I was just reading an article about a new bill that has been passed that will make it more difficult for people to give up their citizenship to avoid taxes. It used to be that if you became a citizen of another country you automatically lost your US citizenship. Now they are trying to make it difficult to do that so they can collect taxes forever.


----------



## Fatbrit (May 8, 2008)

synthia said:


> It used to be that if you became a citizen of another country you automatically lost your US citizenship.


A long, long time ago......maybe!

The definitive guide to US dual citizenship is here:
richw.org/dualcit


----------



## Fatbrit (May 8, 2008)

For natural born citizens, this went with a 1967 USSC ruling in Afroyim v. Rusk. For naturalized citizens (and natural born), the State Department guidelines of 16 April 1990 stopped loss of US citizenship.


----------



## Bevdeforges (Nov 16, 2007)

_>>It used to be that if you became a citizen of another country you automatically lost your US citizenship. Now they are trying to make it difficult to do that so they can collect taxes forever.<<_

The catch with this one is that, although they have issued regulations and rulings saying that they will no longer automatically revoke your citizenship on taking another one, there are still laws on the books saying that they "may" under certain circumstances (most notably if you apply to take on a second nationality). 

I guess they kind of want to keep all their options open. 
Cheers,
Bev


----------



## synthia (Apr 18, 2007)

The new law is designed to keep you from formally revoking your citizenship, even if you become a citizen of a country that requires revocation. Too many people with money are moving out.

The revocation thing is interesting, because the US requires that of all new citizens. However, if you are British, it doesn't matter, because they don't recognize revocation. It's a funny requirement to have since the control of whether a new American remains citizenship rights in the original country is a function of that country's laws, not US laws.

You can use your citizenship by enlisting in a foreign army too, but we did nothing about Americans who enlisted in the British and Canadian armed forces before we entered WWII. It depends on whether we approve or not.


----------



## Bevdeforges (Nov 16, 2007)

For a long time, the laws on revoking citizenship were kind of arbitrary enforced, if at all. However there was some kind of ruling or announcement made in 1990 that basically said that they weren't going to bother anymore.
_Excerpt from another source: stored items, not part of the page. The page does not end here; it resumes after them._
Definition rr_chain (p : seq 'I_n) : bool := sorted (fun v u => u \in L v) p.

Fixpoint chain_weight (p : seq 'I_n) : nat :=
  if p is v :: (_ :: _) as q then size (L v) + chain_weight q else 0.

(* A configuration is an informed set [I] with action counters [c]: node [v]
   has already acted [c v] times. *)
Definition link_cost (v : 'I_n) (q : seq 'I_n) (c : 'I_n -> nat) : nat :=
  if q is u :: _ then (rr_wait v u (c v)).+1 + chain_weight q else 0.

Variable B : nat.

(* [B] stands for infinity: no node of the chain is informed. *)
Fixpoint potential (p : seq 'I_n) (I : {set 'I_n}) (c : 'I_n -> nat) : nat :=
  if p is v :: q then minn (if v \in I then link_cost v q c else B) (potential q I c)
  else B.

(* [(I', c')] knows at least what [a] pushes in its next action from [(I, c)]:
   a PUSH or EXCHANGE timeslot of [a], as well as a synchronous round. *)
Definition rr_action (a : 'I_n) (I : {set 'I_n}) (c : 'I_n -> nat)
    (I' : {set 'I_n}) (c' : 'I_n -> nat) : Prop :=
  [/\ I \subset I', c' a = (c a).+1 & a \in I -> partner L a (c a) \in I'].

Lemma potential_le p (I : {set 'I_n}) c : potential p I c <= B.
Proof. by elim: p => //= v q IH; rewrite geq_min IH orbT. Qed.

Lemma link_cost_le_weight v q c :
  rr_chain (v :: q) -> link_cost v q c <= chain_weight (v :: q).
Proof.
by case: q => //= u q /andP [/(rr_wait_spec (c v)) [lt_wait _] _]; rewrite leq_add2r.
Qed.

(* Either [v] waits one action less for [u], or it has just informed [u]. *)
Lemma potential_lt_link_cost v u q (I I' : {set 'I_n}) c c' :
  rr_chain [:: v, u & q] -> v \in I -> rr_action v I c I' c' ->
  potential [:: v, u & q] I' c' < link_cost v (u :: q) c.
Proof.
move=> chain_vuq vI [subII' c'v push]; have uLv : u \in L v by case/andP: chain_vuq.
have vI' : v \in I' by apply: (subsetP subII').
have [wait0|wait_gt0] := posnP (rr_wait v u (c v)).
  have uI' : u \in I' by rewrite -(partner_rr_wait0 uLv wait0) push.
  apply: leq_ltn_trans (geq_minr _ _) _; rewrite /= uI'.
  apply: leq_ltn_trans (geq_minl _ _) _.
  apply: leq_ltn_trans (link_cost_le_weight c' (path_sorted chain_vuq)) _.
  by rewrite /= wait0.
apply: leq_ltn_trans (geq_minl _ _) _; rewrite vI' /= c'v.
by rewrite ltn_add2r ltnS (rr_waitS uLv wait_gt0).
Qed.

Lemma potential_nonincr a p (I I' : {set 'I_n}) c c' :
  rr_chain p -> rr_action a I c I' c' -> (forall x, x != a -> c' x = c x) ->
  potential p I' c' <= potential p I c.
Proof.
move=> + act c'_eq; have [subII' _ _] := act.
elim: p => //= v q IH chain_vq; rewrite leq_min; apply/andP; split; last first.
  exact: leq_trans (geq_minr _ _) (IH (path_sorted chain_vq)).
case vI: (v \in I); last exact: leq_trans (geq_minr _ _) (potential_le _ _ _).
have vI' : v \in I' by apply: (subsetP subII').
case: q IH chain_vq => [|u q] IH chain_vq.
  by apply: leq_trans (geq_minl _ _) _; rewrite vI'.
have [eq_av|nva] := eqVneq a v.
  by subst a; exact: ltnW (potential_lt_link_cost chain_vq vI act).
by apply: leq_trans (geq_minl _ _) _; rewrite vI' /link_cost c'_eq // eq_sym.
Qed.

Lemma potential_decr p (I : {set 'I_n}) c : rr_chain p -> 0 < potential p I c < B ->
  exists a, forall I' c', rr_action a I c I' c' -> potential p I' c' < potential p I c.
Proof.
elim: p => [|v q IH] chain_p /=; first by rewrite ltnn andbF.
have tail_decr : 0 < potential q I c < B -> exists a, forall I' c',
    rr_action a I c I' c' -> potential (v :: q) I' c' < potential q I c.
  move=> /(IH (path_sorted chain_p)) [a decr].
  by exists a => I' c' act; apply: leq_ltn_trans (geq_minr _ _) (decr _ _ act).
case vI: (v \in I) => /=; first last.
  by rewrite (minn_idPr (potential_le _ _ _)) => /tail_decr.
have [le_cost|lt_tail] := leqP (link_cost v q c) (potential q I c); last first.
  exact: tail_decr.
move=> /andP [cost_gt0 _].
case: q {IH tail_decr} chain_p le_cost cost_gt0 => [|u q] // chain_p _ _.
by exists v => I' c'; apply: potential_lt_link_cost.
Qed.

Lemma potential_eq0 x0 p (I : {set 'I_n}) c :
  0 < B -> potential p I c = 0 -> last x0 p \in I.
Proof.
move=> /lt0n_neq0/negbTE B_neq0; elim: p x0 => [|v q IH] x0 /=.
  by move/eqP; rewrite B_neq0.
case: leqP => _; last by case: q IH => [|u q] IH /=; [move/eqP; rewrite B_neq0 | apply: IH].
by case: ifP => [vI|_ /eqP]; [case: q {IH} | rewrite B_neq0].
Qed.

Lemma potential_source src q c : rr_chain (src :: q) ->
  potential (src :: q) [set src] c <= chain_weight (src :: q).
Proof. by move=> chain_q /=; rewrite in_set1 eqxx geq_min link_cost_le_weight. Qed.

End RoundRobinPotential.

Lemma chain_weight_le_sum n (L : 'I_n -> seq 'I_n) p :
  chain_weight L p <= \sum_(v <- p) size (L v).
Proof.
elim: p => [|v [|u p] IH]; rewrite ?big_nil // big_cons.
by rewrite [chain_weight _ _]/= leq_add2l.
Qed.

Lemma descent_reaches0 (P : nat -> nat) B : P 0 < B ->
  (forall r, 0 < P r < B -> P r.+1 < P r) -> exists2 r, r <= P 0 & P r = 0.
Proof.
move=> P0_lt decr.
have reach r : (exists2 r', r' <= r & P r' = 0) \/ P r + r <= P 0.
  elim: r => [|r [[r' le_r'r Pr'0]|IH]]; first by right; rewrite addn0.
    by left; exists r' => //; apply: leqW.
  have [Pr0|Pr_gt0] := posnP (P r); first by left; exists r.
  have Pr_lt : P r < B by apply: leq_ltn_trans P0_lt; apply: leq_trans (leq_addr r _) IH.
  by have := decr r; rewrite Pr_gt0 Pr_lt => /(_ isT) lt_Pr; right; lia.
have [//|] := reach (P 0); rewrite -[leqRHS]add0n leq_add2r leqn0 => /eqP P0.
by exists (P 0).
Qed.

Lemma neq_setT_le_sum (T : finType) (A : {set T}) : (A != setT) <= \sum_x (x \notin A).
Proof.
have [//|] := eqVneq A setT; rewrite -properT => /properP [_ [x _ xA]].
by rewrite (bigD1 x) //= xA.
Qed.

Lemma sync_round_action n exch (L : 'I_n -> seq 'I_n) r (I : {set 'I_n}) a :
  rr_action L a I (fun=> r) (sync_round exch L r I) (fun=> r.+1).
Proof.
split=> //; first by apply/subsetP => x xI; rewrite inE xI.
by move=> aI; rewrite inE; apply/or3P/Or32/existsP; exists a; rewrite aI eqxx.
Qed.

Lemma sync_informed_mono n exch (L : 'I_n -> seq 'I_n) src :
  {homo sync_informed exch L src : r r' / r <= r' >-> r \subset r'}.
Proof.
move=> r r'; elim: r' => [|r' IH]; first by rewrite leqn0 => /eqP ->.
rewrite leq_eqVlt ltnS => /predU1P [-> //|/IH sub]; apply: subset_trans sub _.
by have [] := sync_round_action exch L r' (sync_informed exch L src r') src.
Qed.

Lemma async_step_action n exch (L : 'I_n -> seq 'I_n) (I : {set 'I_n}) c a :
  rr_action L a I c (async_step exch L (I, c) a).1 (async_step exch L (I, c) a).2.
Proof.
split=> /=; [|by rewrite eqxx|by rewrite /transmit => ->; rewrite setU11].
by rewrite /transmit; case: ifP => _; [|case: ifP => _]; rewrite ?subsetUr.
Qed.

Section Broadcast.

Variables (n : nat) (adj : rel 'I_n) (L : 'I_n -> seq 'I_n).
Hypotheses (adj_conn : connected_graph adj) (L_rr : rr_lists adj L).

Lemma size_rr_list v : size (L v) = \sum_(u : 'I_n) adj v u.
Proof.
have [uniqL memL] := L_rr v.
rewrite -(card_uniqP uniqL) -sum1_card big_mkcond /=.
by apply: eq_bigr => u _; rewrite memL; case: (adj v u).
Qed.

Lemma sparse_chain_weight p :
  (forall u, count (adj u) p <= 3) -> chain_weight L p <= 3 * n.
Proof.
have [adj_sym _] := adj_conn => sparse.
apply: leq_trans (chain_weight_le_sum L p) _.
rewrite (eq_bigr _ (fun v _ => size_rr_list v)) exchange_big /=.
apply: leq_trans (_ : _ <= \sum_(u : 'I_n) 3) _.
  apply: leq_sum => u _; apply: leq_trans (sparse u).
  rewrite -sum1_count [in X in _ <= X]big_mkcond /=.
  by apply: eq_leq; apply: eq_bigr => v _; rewrite adj_sym.
by rewrite sum_nat_const card_ord mulnC.
Qed.

Lemma exists_light_chain src w : exists q,
  [/\ rr_chain L (src :: q), last src q = w & chain_weight L (src :: q) <= 3 * n].
Proof.
have [adj_sym [_ conn]] := adj_conn.
have [q [adj_q <- sparse]] := exists_sparse_path adj_sym (conn src w).
exists q; split=> //; last exact: sparse_chain_weight.
by rewrite /rr_chain /= (eq_path (e' := adj)) // => v u; have [_ ->] := L_rr v.
Qed.

Variables (src : 'I_n) (exch : bool).

Lemma sync_reach w : w \in sync_informed exch L src (3 * n).
Proof.
have [q [chain_q <- weight_q]] := exists_light_chain src w.
pose B := (3 * n).+1.
pose P r := potential L B (src :: q) (sync_informed exch L src r) (fun=> r).
have P0_lt : P 0 < B by rewrite ltnS (leq_trans (potential_source _ _ chain_q)).
have [|r le_rP0 /(potential_eq0 src (ltn0Sn _))] := descent_reaches0 P0_lt.
  move=> r /(potential_decr chain_q) [a decr]; exact/decr/sync_round_action.
apply/subsetP; apply: sync_informed_mono.
exact: leq_trans le_rP0 P0_lt.
Qed.

Lemma async_unfinished_le w N :
  \sum_(g : {ffun 'I_N -> 'I_n})
     (w \notin async_informed exch L src [seq g i | i <- enum 'I_N])
  <= few_hits n.-1 N (3 * n).
Proof.
have [q [chain_q last_q weight_q]] := exists_light_chain src w.
pose B := (3 * n).+1.
pose pot (st : {set 'I_n} * ('I_n -> nat)) := potential L B (src :: q) st.1 st.2.
pose s0 := ([set src], fun _ : 'I_n => 0).
have pot_s0 : pot s0 <= 3 * n := leq_trans (potential_source _ _ chain_q) weight_q.
apply: leq_trans (_ : unfinished_runs (async_step exch L) pot N s0 <= _).
  apply: leq_sum => g _; case: posnP => [/(potential_eq0 src (ltn0Sn _))|_].
    by rewrite /= last_q => ->.
  by case: (_ \notin _).
have pot_step_le st a : pot (async_step exch L st a) <= pot st.
  case: st => I c; apply: potential_nonincr chain_q (async_step_action _ _ _ _ _) _.
  by move=> x /negbTE /= ->.
have pot_step_lt st : 0 < pot st < B -> exists a, pot (async_step exch L st a) < pot st.
  case: st => I c /(potential_decr chain_q) [a decr].
  by exists a; apply: decr (async_step_action _ _ _ _ _).
have pot_s0_lt : pot s0 < B by rewrite ltnS.
apply: leq_trans (unfinished_runs_le pot_step_le pot_step_lt N pot_s0_lt) _.
exact: few_hits_mono.
Qed.

Lemma async_successes_ge N :
  n ^ N <= #|[set g : {ffun 'I_N -> 'I_n} |
               async_informed exch L src [seq g i | i <- enum 'I_N] == [set: 'I_n]]|
           + n * few_hits n.-1 N (3 * n).
Proof.
pose informed (g : {ffun 'I_N -> 'I_n}) := async_informed exch L src [seq g i | i <- enum 'I_N].
set succ := [set g | _].
rewrite -{1}(card_ord n) -{1}(card_ord N) -card_ffun -(cardsC succ) leq_add2l.
rewrite -sum1_card big_mkcond /=.
apply: leq_trans (_ : \sum_g \sum_(w : 'I_n) (w \notin informed g) <= _).
  by apply: leq_sum => g _; rewrite !inE; apply: neq_setT_le_sum.
rewrite exchange_big /= -[X in X * _](card_ord n) -sum_nat_const.
by apply: leq_sum => w _; apply: async_unfinished_le.
Qed.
What's worrying, however, is that lately those long-dormant laws have been referenced on various government websites - like maybe they are thinking of going back to them.
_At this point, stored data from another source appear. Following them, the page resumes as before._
(* [v tan b - u] and [v tan b + u] are how far the segment seen from (u, v)
   under half-angle b reaches to the left and to the right of the origin. *)
Definition hedge_inv (a b : R) (x : nat -> R) (l h : R) (P : nat -> pt) (i : nat) : Prop :=
  in_FC a x i (P i) /\ cost P i * cos b = snd (P i) /\
  0 <= snd (P i) * tan b - fst (P i) <= tilt a b * l /\
  0 <= snd (P i) * tan b + fst (P i) <= tilt a b * h /\
  (tan a + tan b) * snd (P i) <= Rmax (h + tilt a b * l) (l + tilt a b * h).

Definition apex (a r : R) : pt := ((r - 1) / 2, (1 + r) / (2 * tan a)).

Definition apex_dist (a r : R) : R :=
  sqrt (1 + r ^ 2 + 2 * cos (2 * a) * r) / (2 * sin a).

Section Hedge.

Variables a b : R.
Hypothesis ha : 0 < a < PI / 2.
Hypothesis hb : 0 <= b <= a.

Lemma sin_a_pos : 0 < sin a.
Proof. apply sin_gt_0; lra. Qed.

Lemma cos_a_pos : 0 < cos a.
Proof. apply cos_gt_0; lra. Qed.

Lemma cos_b_pos : 0 < cos b.
Proof. apply cos_gt_0; lra. Qed.

Lemma tan_a_pos : 0 < tan a.
Proof. apply tan_gt_0; lra. Qed.

Lemma tan_b_nonneg : 0 <= tan b.
Proof.
  destruct (Req_dec b 0) as [->|Hb]; [rewrite tan_0; lra|].
  left; apply tan_gt_0; lra.
Qed.

Lemma tan_b_le_tan_a : tan b <= tan a.
Proof.
  destruct (Req_dec b a) as [->|Hb]; [lra|].
  left; apply tan_increasing; lra.
Qed.

Lemma sin_b_eq : sin b = tan b * cos b.
Proof. pose proof cos_b_pos. unfold tan. field. lra. Qed.

Lemma gap_rate_pos : 0 < gap_rate a b.
Proof.
  pose proof cos_b_pos; pose proof tan_a_pos; pose proof tan_b_nonneg.
  unfold gap_rate. apply Rmult_lt_0_compat; lra.
Qed.

Lemma tilt_mul : tilt a b * (tan a + tan b) = 2 * tan b.
Proof. pose proof tan_a_pos; pose proof tan_b_nonneg. unfold tilt. field. lra. Qed.

Lemma tilt_bounds : 0 <= tilt a b <= 1.
Proof.
  pose proof tan_a_pos; pose proof tan_b_nonneg; pose proof tan_b_le_tan_a; pose proof tilt_mul.
  split; apply Rmult_le_reg_r with (tan a + tan b); lra.
Qed.

(* A move of length s along the ray shrinks the gap by s * gap_rate a b:
   s * sin b horizontally and s * cos b * tan a by the widening of the cone. *)
Lemma in_FC_ray (sigma : R) (x : nat -> R) (i : nat) (p : pt) (s : R) :
  sigma = 1 \/ sigma = -1 -> in_FC a x i p -> advancing x i sigma -> 0 <= s ->
  (in_FC a x (S i) (ray b sigma p s) <-> gap a sigma x i p <= s * gap_rate a b).
Proof.
  intros Hsigma [Hv Hold] Hadv Hs.
  pose proof cos_b_pos; pose proof tan_b_nonneg; pose proof tan_b_le_tan_a.
  assert (Hscb : 0 <= s * cos b) by nra.
  assert (Hmove : 0 <= s * sin b <= s * cos b * tan a)
    by (rewrite sin_b_eq; split; nra).
  assert (Hrate : s * gap_rate a b = s * sin b + s * cos b * tan a)
    by (unfold gap_rate; rewrite sin_b_eq; ring).
  unfold in_FC, ray, gap; cbn [fst snd]. rewrite Hrate. split.
  - intros [_ Hnew]. specialize (Hnew (S i) (le_n _)).
    apply Rabs_le_iff in Hnew. destruct Hsigma; subst sigma; lra.
  - intros Hgap. split; [nra|]. intros j Hj. apply Rabs_le_iff.
    destruct (proj1 (Nat.le_succ_r j i) Hj) as [Hj'| ->].
    + specialize (Hold j Hj'). apply Rabs_le_iff in Hold.
      destruct Hsigma; subst sigma; lra.
    + specialize (Hold 0%nat (Nat.le_0_l _)). apply Rabs_le_iff in Hold.
      specialize (Hadv 0%nat (Nat.le_0_l _)).
      destruct Hsigma; subst sigma; lra.
Qed.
I don't think the US requires a formal renunciation of your prior nationality - it's just a line in the naturalization oath. I know a former American who took German nationality through marriage with a German and she was required to get a formal, signed renunciation statement from the US Consulate before they would accept her dossier.

Though, like you say, unless you're wealthy I don't think they really care one way or the other. 
Cheers,
Bev


----------



## Fatbrit (May 8, 2008)

Bevdeforges said:


> Though, like you say, unless you're wealthy I don't think they really care one way or the other.


I run a blue passport and a red one -- never had any problems at all.


----------



## Bevdeforges (Nov 16, 2007)

Fatbrit said:


> I run a blue passport and a red one -- never had any problems at all.


As do I - now, if you had gobs of money stashed away somewhere and tried to give up that blue passport, just see what sort of trouble you'd wind up getting yourself into! 

But do make sure that you always use the blue one to enter the US. I've heard they get real squiffy if you try to enter on another passport when you have US citizenship. Big fines and much trouble from all accounts if they notice.
Cheers,
Bev


----------



## Fatbrit (May 8, 2008)

Bevdeforges said:


> As do I - now, if you had gobs of money stashed away somewhere and tried to give up that blue passport, just see what sort of trouble you'd wind up getting yourself into!
> 
> But do make sure that you always use the blue one to enter the US. I've heard they get real squiffy if you try to enter on another passport when you have US citizenship. Big fines and much trouble from all accounts if they notice.
> Cheers,
> Bev


Yep -- always present yourself to U.S. authorities as a U.S. citizen is the golden rule.

P.S. Don't think any U.S. citizen has gobs of money anymore except the honorable members of our very own oligarchy. And it's plain that the laws of the land simply don't apply to them!


----------